Or perhaps different routes have different styles of accommodation, more akin to different train options than modern flights. On a sleeper train, you will indeed get a cabin rather than a seat in a crowded carriage. Maybe the cross-Kath route is different than the Agdel Lex route - after all, Kai is not travelling from Kavekana or the New World, but from allegorical Europe. Maybe her flight is considered short haul, or even a budget airline, compared to Tara’s?

Either way, the comparison is interesting.

Secondly, we see that people are able to leave dragon journeys outwith scheduled stops. This makes a lot of sense, particularly for the Craftsfolk of the world, and would mean fewer dragons are required to do fewer trips, likely a necessity in this world. There surely can’t be that many almost immortal truly gigantic magical beings that are willing to act as aeroplanes? More likely, there are a few key routes and a few dragons who fly each. It does appear that Northern Kath, at least, is rather less populated than North America, which may also help on the practicality (no citation for that, that’s a future article).

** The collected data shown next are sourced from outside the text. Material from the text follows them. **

(* Let $A$ be a set of regular cardinals with $\operatorname{ot}(A)<\mu:=\sup(A)$ such that every $a\in A$ carries a Jónsson algebra, and suppose $\mu^+\in\operatorname{spec}^*(A)$. Then $\mu^+$ carries a Jónsson algebra.
   Context: An algebra is a structure $\langle X,f_n\rangle_{n<\omega}$ where each $f_n$ is a finitary function from $X$ to $X$; a Jónsson algebra is an algebra with no proper subalgebra of the same cardinality; a cardinal $\lambda$ carries a Jónsson algebra if there is a Jónsson algebra of cardinality $\lambda$. For a set $A$ of regular cardinals, $\prod A$ is the set of functions on $A$ with $f(a)\in a$; for $\mathcal{G}\subseteq\prod A$, $\operatorname{ub}(\mathcal{G})$ is the set of $a\in A$ with $\{f(a):f\in\mathcal{G}\}$ unbounded in $a$. $\operatorname{spec}^*(A)$ is the set of regular $\lambda$ such that there is $\mathcal{F}\subseteq\prod A$ of size $\lambda$ such that for every $\mathcal{F}_0\subseteq\mathcal{F}$ of size $\lambda$, $\operatorname{ub}(\mathcal{F}_0)$ is unbounded in $\sup(A)$. $\operatorname{ot}(A)$ is the order type of $A$. *)

From mathcomp Require Import all_boot.
From mathcomp Require Import boolp classical_sets cardinality.
Set Implicit Arguments. Unset Strict Implicit. Unset Printing Implicit Defensive.
Local Open Scope classical_set_scope.

(* Cardinals and ordinals are modelled inside an arbitrary strict
   well-order W: a cardinal is an initial element of W, identified with
   the set of its predecessors. All notions below only depend on the
   order type of initial segments, hence agree with the usual ones. *)
Record WellOrder := {
  wcar :> Type;
  wlt : wcar -> wcar -> Prop;
  wlt_irrefl : forall x, ~ wlt x x;
  wlt_trans : forall x y z, wlt x y -> wlt y z -> wlt x z;
  wlt_total : forall x y, wlt x y \/ x = y \/ wlt y x;
  wlt_wf : well_founded wlt }.

Section Defs.
Variable W : WellOrder.
Local Notation "x <w y" := (wlt x y) (at level 70).
Definition wle (x y : W) := x <w y \/ x = y.
Local Notation "x <=w y" := (wle x y) (at level 70).

Definition seg (x : W) : set W := [set y | y <w x].

Definition is_cardinal (x : W) : Prop :=
  forall y, y <w x -> ~ card_eq (seg y) (seg x).

Definition is_regular (x : W) : Prop :=
  is_cardinal x /\ ~ finite_set (seg x) /\
  forall C : set W, C `<=` seg x ->
    (forall y, y <w x -> exists2 c, C c & y <=w c) -> card_eq C (seg x).

Definition is_sup (A : set W) (mu : W) : Prop :=
  (forall a, A a -> a <=w mu) /\
  (forall b, (forall a, A a -> a <=w b) -> mu <=w b).

Definition ot_lt (A : set W) (mu : W) : Prop :=
  exists2 beta, beta <w mu &
    exists h : W -> W,
      (forall a, A a -> h a <w beta) /\
      (forall g, g <w beta -> exists2 a, A a & h a = g) /\
      (forall a b, A a -> A b -> a <w b -> h a <w h b).

Definition is_succ_card (mu mup : W) : Prop :=
  is_cardinal mup /\ mu <w mup /\
  (forall c, is_cardinal c -> mu <w c -> mup <=w c).

(* elements of prod A: functions with f a < a for a in A, and
   (canonical representative) f x = x off A *)
Definition in_prod (A : set W) (f : W -> W) : Prop :=
  (forall a, A a -> f a <w a) /\ (forall x, ~ A x -> f x = x).

Definition ub (A : set W) (G : set (W -> W)) : set W :=
  [set a | A a /\ forall g, g <w a -> exists2 f, G f & g <=w f a].

Definition in_spec_star (A : set W) (lambda : W) : Prop :=
  is_regular lambda /\
  exists F : set (W -> W),
    (forall f, F f -> in_prod A f) /\ card_eq F (seg lambda) /\
    forall F0 : set (W -> W), F0 `<=` F -> card_eq F0 (seg lambda) ->
      forall mu, is_sup A mu ->
        forall b, b <w mu -> exists2 a, ub A F0 a & b <w a.
End Defs.

Definition jonsson_algebra (X : Type) (k : nat -> nat)
    (f : forall n, ('I_(k n) -> X) -> X) : Prop :=
  forall Y : set X,
    (forall n (v : 'I_(k n) -> X), (forall i, Y (v i)) -> Y (f n v)) ->
    card_eq Y [set: X] -> Y = [set: X].

Definition carries_jonsson_type (X : Type) : Prop :=
  exists (k : nat -> nat) (f : forall n, ('I_(k n) -> X) -> X),
    jonsson_algebra f.

Definition carries_jonsson (W : WellOrder) (lambda : W) : Prop :=
  carries_jonsson_type {x : W | wlt x lambda}.

From HB Require Import structures.
From mathcomp Require Import all_boot.
From mathcomp Require Import boolp classical_sets functions cardinality.
From Stdlib Require List.
Set Implicit Arguments. Unset Strict Implicit. Unset Printing Implicit Defensive.
Local Open Scope classical_set_scope.
Local Open Scope card_scope.

(** It suffices to find countably many finitary operations on mu^+ such that
   every subset M of size mu^+ closed under them is all of mu^+.  Being of full
   size, M is cofinal in mu^+, and the spec* family psi gives, for every b < mu,
   some a in A above b on which the functions psi x, x in M, are unbounded.  For
   a in A, the Jonsson algebra on a and the regularity of a put all of a into M
   as soon as a is in M and M is cofinal in a.  Now ot(A) < mu gives beta < mu
   and an injection of A into beta; pick a0 in A above beta.  M is cofinal in
   a0: otherwise its supremum s < a0 is the value at some a in A of a term in
   the Jonsson operations of a applied to values psi x a (x in M), and since
   |A| <= |beta| < a0 with a0 regular, one operation bounds below a0 the values
   of that term at all a in A, producing an element of M in (s, a0).  Hence
   beta, then A, then mu lie in M, and finally every g < mu^+, which is
   enumerated by mu from some d >= g in M. *)

Local Notation "x <w y" := (wlt x y) (at level 70).
Local Notation "x <=w y" := (wle x y) (at level 70).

We hear a little more about this later in the book when Tara briefly considers leaving Edgemont:

Two nights’ walk would take her to a rail station, and she could hitch from there to Addington where the small airfield would flare for a dragon to Chikal, or all the way back to Alt Coulumb.
— Dead Country, page 90

A question here is what flies from the small airfield? Smaller dragons? Or are there other beings or machines that fly shorter routes? We know that Craftsfolk can fly themselves, and in Dresediel Lex there are airbuses, optera and couatl for various purposes, but is there a more inter-city equivalent?

Now let’s get into the real detail offered in Four Roads Cross:

A dragon crouched on the runway.

Even at this distance, its scale beggared thought. The road passing beneath the dragon’s left wing to the embarkation hall seemed no thicker than a hair at this distance. Word problems: Based on that proportion, estimate the size of the creature on the tarmac. Determine the width of those black shining scales, the curvature of those teeth.

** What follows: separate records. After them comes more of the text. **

(* Let $Q$ be any golden rectangle inscribed in the unit circle (i.e. with all four vertices on $\partial\mathbb{D}$). Then there is at least one ellipse $E$ inscribed in $Q$ such that $E$ is the Poncelet curve of a finite Blaschke product $B$ of degree $4$ with $B(0)=0$.
   Context: $\mathbb{D}$ is the open unit disc, $\partial\mathbb{D}$ the unit circle, and $\alpha=\frac{1+\sqrt5}{2}$. A golden rectangle is a rectangle whose longer side length divided by its shorter side length equals $\alpha$. A finite Blaschke product of degree $n$ is $B(z)=\beta\prod_{i=1}^n\frac{z-a_i}{1-\overline{a_i}z}$ with $|\beta|=1$, $|a_i|<1$. For such $B$ with $B(0)=0$ and each $\lambda\in\partial\mathbb{D}$, there are $n$ distinct points $z_1,\dots,z_n\in\partial\mathbb{D}$ with $B(z_j)=\lambda$; the Poncelet curve associated with $B$ is the (unique) curve in $\mathbb{D}$ which, for every $\lambda\in\partial\mathbb{D}$, is inscribed in (tangent to every side of) the polygon whose vertices are these $n$ points taken in order of argument, i.e. the envelope of the lines joining consecutive points of $B^{-1}(\lambda)$. *)

From Stdlib Require Import Reals List.
From Coquelicot Require Import Coquelicot.
Import ListNotations.
Open Scope R_scope.

Definition alpha : R := (1 + sqrt 5) / 2.

Definition expi (t : R) : C := (cos t, sin t).

Fixpoint csum (n : nat) (f : nat -> C) : C :=
  match n with
  | O => RtoC 0
  | S k => Cplus (csum k f) (f k)
  end.

Definition in_polygon_hull (n : nat) (z : nat -> C) (w : C) : Prop :=
  exists mu : nat -> R,
    (forall j, (j < n)%nat -> 0 <= mu j) /\
    sum_f_R0 mu (pred n) = 1 /\
    w = csum n (fun j => Cmult (RtoC (mu j)) (z j)).

Definition on_segment (p q w : C) : Prop :=
  exists s : R, 0 <= s <= 1 /\ w = Cplus p (Cmult (RtoC s) (Cminus q p)).

(** The (convex) curve E is inscribed in the polygon with consecutive vertices
    z 0, ..., z (n-1): it lies in the closed polygon and touches every side
    [z j, z (j+1 mod n)] (for a convex curve inside a convex polygon, touching
    a side is the same as being tangent to it). *)
Definition inscribed_in_polygon (E : C -> Prop) (n : nat) (z : nat -> C) : Prop :=
  (forall w, E w -> in_polygon_hull n z w) /\
  (forall j, (j < n)%nat -> exists w, E w /\ on_segment (z j) (z (S j mod n)%nat) w).

Definition is_ellipse (E : C -> Prop) : Prop :=
  exists (f1 f2 : C) (a : R),
    Cmod (Cminus f1 f2) < 2 * a /\
    forall w, E w <-> Cmod (Cminus w f1) + Cmod (Cminus w f2) = 2 * a.

Fixpoint blaschke_prod (l : list C) (z : C) : C :=
  match l with
  | [] => RtoC 1
  | a :: l' => Cmult (Cdiv (Cminus z a) (Cminus (RtoC 1) (Cmult (Cconj a) z)))
                     (blaschke_prod l' z)
  end.

Definition blaschke (beta : C) (l : list C) (z : C) : C :=
  Cmult beta (blaschke_prod l z).

Definition is_blaschke_data (n : nat) (beta : C) (l : list C) : Prop :=
  length l = n /\ Cmod beta = 1 /\ List.Forall (fun a => Cmod a < 1) l.

Definition ordered_preimages (B : C -> C) (lambda : C) (n : nat) (z : nat -> C) : Prop :=
  exists t : nat -> R,
    (forall j, (S j < n)%nat -> t j < t (S j)) /\
    ((0 < n)%nat -> t (pred n) < t O + 2 * PI) /\
    (forall j, (j < n)%nat -> z j = expi (t j)) /\
    (forall w, (Cmod w = 1 /\ B w = lambda) <-> exists j, (j < n)%nat /\ w = z j).

Definition is_poncelet_curve (E : C -> Prop) (B : C -> C) (n : nat) : Prop :=
  (forall w, E w -> Cmod w < 1) /\
  forall lambda : C, Cmod lambda = 1 ->
    exists z : nat -> C, ordered_preimages B lambda n z /\ inscribed_in_polygon E n z.

Definition quad (p1 p2 p3 p4 : C) (j : nat) : C :=
  match j with 0 => p1 | 1 => p2 | 2 => p3 | _ => p4 end%nat.

Definition inscribed_golden_rectangle (p1 p2 p3 p4 : C) : Prop :=
  Cmod p1 = 1 /\ Cmod p2 = 1 /\ Cmod p3 = 1 /\ Cmod p4 = 1 /\
  p1 <> p2 /\ p3 <> p2 /\
  Cminus p1 p2 = Cminus p4 p3 /\
  Re (Cmult (Cminus p1 p2) (Cconj (Cminus p3 p2))) = 0 /\
  (Cmod (Cminus p1 p2) = alpha * Cmod (Cminus p3 p2) \/
   Cmod (Cminus p3 p2) = alpha * Cmod (Cminus p1 p2)).

(** A rectangle inscribed in the unit circle has vertices u, v, -u, -v (its diagonals are
    diameters). Choose g with g^2 = (u^2 + v^2)/2; then |g| < 1. Let E be the ellipse with foci
    g, -g and semi-axes a^2 = (1 + |g|^2)/2, b^2 = (1 - |g|^2)/2, and let B be the Blaschke
    product with zeros 0, 0, g, -g, i.e. B(z) = z^2 (z^2 - g^2) / (1 - conj(g)^2 z^2).

    For u, v on the circle the chord [u, v] is tangent to E iff Re(u conj v) = Re(g^2 conj(u v)),
    a relation preserved by (u, v) -> (v, -u); so then E is inscribed in the rectangle
    u, v, -u, -v, and our choice of g makes the given rectangle such a one. The same relation
    reads u^2 + v^2 = g^2 + conj(g)^2 u^2 v^2, which is exactly what makes the degree 4
    equation B(z) = -u^2 v^2 factor as (z^2 - u^2)(z^2 - v^2) = 0. Finally every lambda on the
    circle is -u^2 v^2 for some tangent chord [u, v]: the product u v is prescribed up to sign,
    and the tangency fixes the opening angle. *)

From Stdlib Require Import Reals List Lra Lia.
From Coquelicot Require Import Coquelicot.
Import ListNotations.
Open Scope R_scope.

Definition dot (z w : C) : R := fst z * fst w + snd z * snd w.
Definition cross (z w : C) : R := fst z * snd w - snd z * fst w.

Lemma C_ext (z w : C) : fst z = fst w -> snd z = snd w -> z = w.
Proof. destruct z, w; simpl; intros; subst; reflexivity. Qed.

Lemma dot_ge0 (z : C) : 0 <= dot z z.
Proof. unfold dot; nra. Qed.

Lemma dot_eq_0 (z : C) : dot z z = 0 -> z = 0%C.
Proof. destruct z as [x y]; unfold dot; simpl; intros Hz; apply C_ext; simpl; nra. Qed.

Lemma dot_pos (z : C) : z <> 0%C -> 0 < dot z z.
Proof.
  intros Hz; destruct (Rle_lt_or_eq_dec _ _ (dot_ge0 z)) as [Hpos | E]; [exact Hpos |].
  exfalso; apply Hz, dot_eq_0; symmetry; exact E.
Qed.

Lemma Cmod_sqr_dot (z : C) : Cmod z ^ 2 = dot z z.
Proof. rewrite Cmod2_alt; unfold dot, Re, Im; ring. Qed.

Lemma Cmod_eq_1_dot (z : C) : Cmod z = 1 <-> dot z z = 1.
Proof.
  rewrite <- Cmod_sqr_dot; split; intros Hz.
  - rewrite Hz; ring.
  - apply Rsqr_inj; [apply Cmod_ge_0 | lra |]; unfold Rsqr; lra.
Qed.

Lemma Cmod_lt_1_dot (z : C) : Cmod z < 1 <-> dot z z < 1.
Proof.
  rewrite <- Cmod_sqr_dot; pose proof (Cmod_ge_0 z); split; intros Hz; nra.
Qed.

Lemma Cmod_sub_sqr (w f : C) : Cmod (w - f) ^ 2 = dot w w - 2 * dot w f + dot f f.
Proof. rewrite Cmod_sqr_dot; unfold dot; simpl; ring. Qed.

Lemma Re_mul_conj (z w : C) : Re (z * Cconj w) = dot z w.
Proof. unfold Re, dot; simpl; ring. Qed.

Lemma dot_sqr_add_cross_sqr (z w : C) : dot z w ^ 2 + cross z w ^ 2 = dot z z * dot w w.
Proof. unfold dot, cross; ring. Qed.

Lemma Cmult_eq_0 (a b : C) : (a * b)%C = 0%C -> a = 0%C \/ b = 0%C.
Proof.
  intros Hab; apply (f_equal Cmod) in Hab; rewrite Cmod_mult, Cmod_0 in Hab.
  destruct (Rmult_integral _ _ Hab) as [Ha | Hb]; [left | right]; apply Cmod_eq_0; assumption.
Qed.

Lemma Csub_eq_0 (a b : C) : (a - b)%C = 0%C -> a = b.
Proof. intros E; transitivity (a - b + b)%C; [ring | rewrite E; ring]. Qed.

Lemma one_sub_conj_mul_neq0 (a w : C) : Cmod a < 1 -> Cmod w = 1 -> (1 - Cconj a * w)%C <> 0%C.
Proof.
  intros Ha Hw Hz.
  assert (E : (Cconj a * w)%C = 1%C).
  { replace (Cconj a * w)%C with (1 - (1 - Cconj a * w))%C by ring; rewrite Hz; ring. }
  apply (f_equal Cmod) in E; rewrite Cmod_mult, Cmod_conj, Hw, Cmod_1 in E; lra.
Qed.

Lemma exists_Csqrt (z : C) : exists r : C, (r * r)%C = z.
Proof.
  destruct z as [k1 k2].
  set (m := sqrt (k1 ^ 2 + k2 ^ 2)).
  assert (Hm0 : 0 <= m) by apply sqrt_pos.
  assert (Hm2 : m * m = k1 ^ 2 + k2 ^ 2) by (apply sqrt_sqrt; nra).
  assert (Hk1 : - m <= k1 <= m) by (split; nra).
  set (x := sqrt ((m + k1) / 2)); set (y := sqrt ((m - k1) / 2)).
  assert (Hx : x * x = (m + k1) / 2) by (apply sqrt_sqrt; lra).
  assert (Hy : y * y = (m - k1) / 2) by (apply sqrt_sqrt; lra).
  assert (Hxy : 2 * x * y = Rabs k2).
  { apply Rsqr_inj; [| apply Rabs_pos |].
    - pose proof (sqrt_pos ((m + k1) / 2)); pose proof (sqrt_pos ((m - k1) / 2)).
      unfold x, y; nra.
    - rewrite <- Rsqr_abs; unfold Rsqr.
      replace (2 * x * y * (2 * x * y)) with (4 * (x * x) * (y * y)) by ring.
      rewrite Hx, Hy; nra. }
  unfold Rabs in Hxy; destruct Rcase_abs; [exists (x, - y) | exists (x, y)];
    apply C_ext; simpl; lra.
Qed.

Lemma expi_mul (a b : R) : (expi a * expi b)%C = expi (a + b).
Proof. unfold expi; apply C_ext; simpl; [rewrite cos_plus | rewrite sin_plus]; ring. Qed.

Lemma expi_add_PI (a : R) : expi (a + PI) = (- expi a)%C.
Proof. unfold expi; apply C_ext; simpl; [apply neg_cos | apply neg_sin]. Qed.

Lemma dot_expi (a b : R) : dot (expi a) (expi b) = cos (b - a).
Proof. unfold dot, expi; simpl; rewrite cos_minus; ring. Qed.

Lemma cross_expi (a b : R) : cross (expi a) (expi b) = sin (b - a).
Proof. unfold cross, expi; simpl; rewrite sin_minus; ring. Qed.

Lemma Cmod_expi (a : R) : Cmod (expi a) = 1.
Proof.
  apply Cmod_eq_1_dot; rewrite dot_expi; replace (a - a) with 0 by ring; apply cos_0.
Qed.

Lemma unit_circle_expi (z : C) : Cmod z = 1 -> exists t, z = expi t.
Proof.
  rewrite Cmod_eq_1_dot; unfold dot; destruct z as [x y]; simpl; intros Hz.
  assert (Hx : -1 <= x <= 1) by nra.
  assert (Hs : sqrt (1 - x²) = Rabs y).
  { rewrite <- sqrt_Rsqr_abs; f_equal; unfold Rsqr; lra. }
  unfold expi; destruct (Rle_dec 0 y) as [Hy | Hy].
  - exists (acos x); rewrite cos_acos, sin_acos, Hs, Rabs_right by lra; reflexivity.
  - exists (- acos x); rewrite cos_neg, sin_neg, cos_acos, sin_acos, Hs, Rabs_left by lra.
    f_equal; ring.
Qed.

Definition normal (u v : C) : C := (Ci * (u - v))%C.

Lemma decomp_in_basis (u v w : C) : cross u v <> 0 ->
  w = (RtoC (cross w v / cross u v) * u + RtoC (cross u w / cross u v) * v)%C.
Proof.
  intros HD; apply C_ext; unfold cross in *; simpl; field; exact HD.
Qed.

Lemma Rabs_le_1_of_scaled (t D : R) : D <> 0 -> (t * D) ^ 2 <= D ^ 2 -> Rabs t <= 1.
Proof.
  intros HD Ht; assert (0 < D ^ 2) by (apply pow2_gt_0; exact HD).
  assert (t ^ 2 <= 1) by (apply (Rmult_le_reg_r (D ^ 2)); [| rewrite <- Rpow_mult_distr]; lra).
  apply Rabs_le; split; nra.
Qed.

Trick question. No number could match the beast. Math did not follow the mind down such dark roads.

The dragon faced west. The tail gave an earthquake twitch. Broad chains crisscrossed its back, supporting the gondola. The observation deck across its shoulders perches on hydraulics to keep level as the wings beat. Vast slitted eyes cast spotlight circles on the ground.

They ran past janitors mopping floors; the dragon eclipsed the sky outside the window. A deep rhythm pulsed through floor tiles. At first she mistook it for the thrum of ventilation or of escalator machinery, but they’d passed no escalator, and ventilation would be softer.

Heartbeat, she thought.
— Four Roads Cross, chapter 44

There is more detail before and after this to add colour to the airport experience, but - as much as I love it - this article is already taking me long enough to write so we’re going to focus purely on the dragon-ness.

Dragons in the Craft Sequence are unspeakably, unfathomably vast. Even a Craftswoman trained in seeing unspeakable magic, breaking down what’s in front of her to its constituent parts, can barely conceptualise the size of a dragon in front of her. We get even more of this vertigo inducing description once Tara has boarded the dragon, and in the middle of the night leaves her cabin to explore the observation deck and beyond.

A light blinked green over the door to the observation deck, indicating the platform was mostly safe.

She emerged into the chill of great height. She shivered from the breeze, but she soon adjusted. It was not so cold as it should have been. Craftwork managed wind and pressure, and oven warmth radiated from the dragon’s scales.

Wings claimed the sky in huge slow sweeps. Her stomach lurched when she watched those spreading bones and the taut scaled skin between.

Our body thinks nothing large enough to be landscape should move.

Tara needed stars. She gripped the observation deck’s railing and vaulted over.

Glyph-lines woke on her skin and whispered moonlit arguments. Old deals the first Craftsmen struck with the sky arrested her fall. She stood on a platform of air and walked uphill beneath and around the wide neck.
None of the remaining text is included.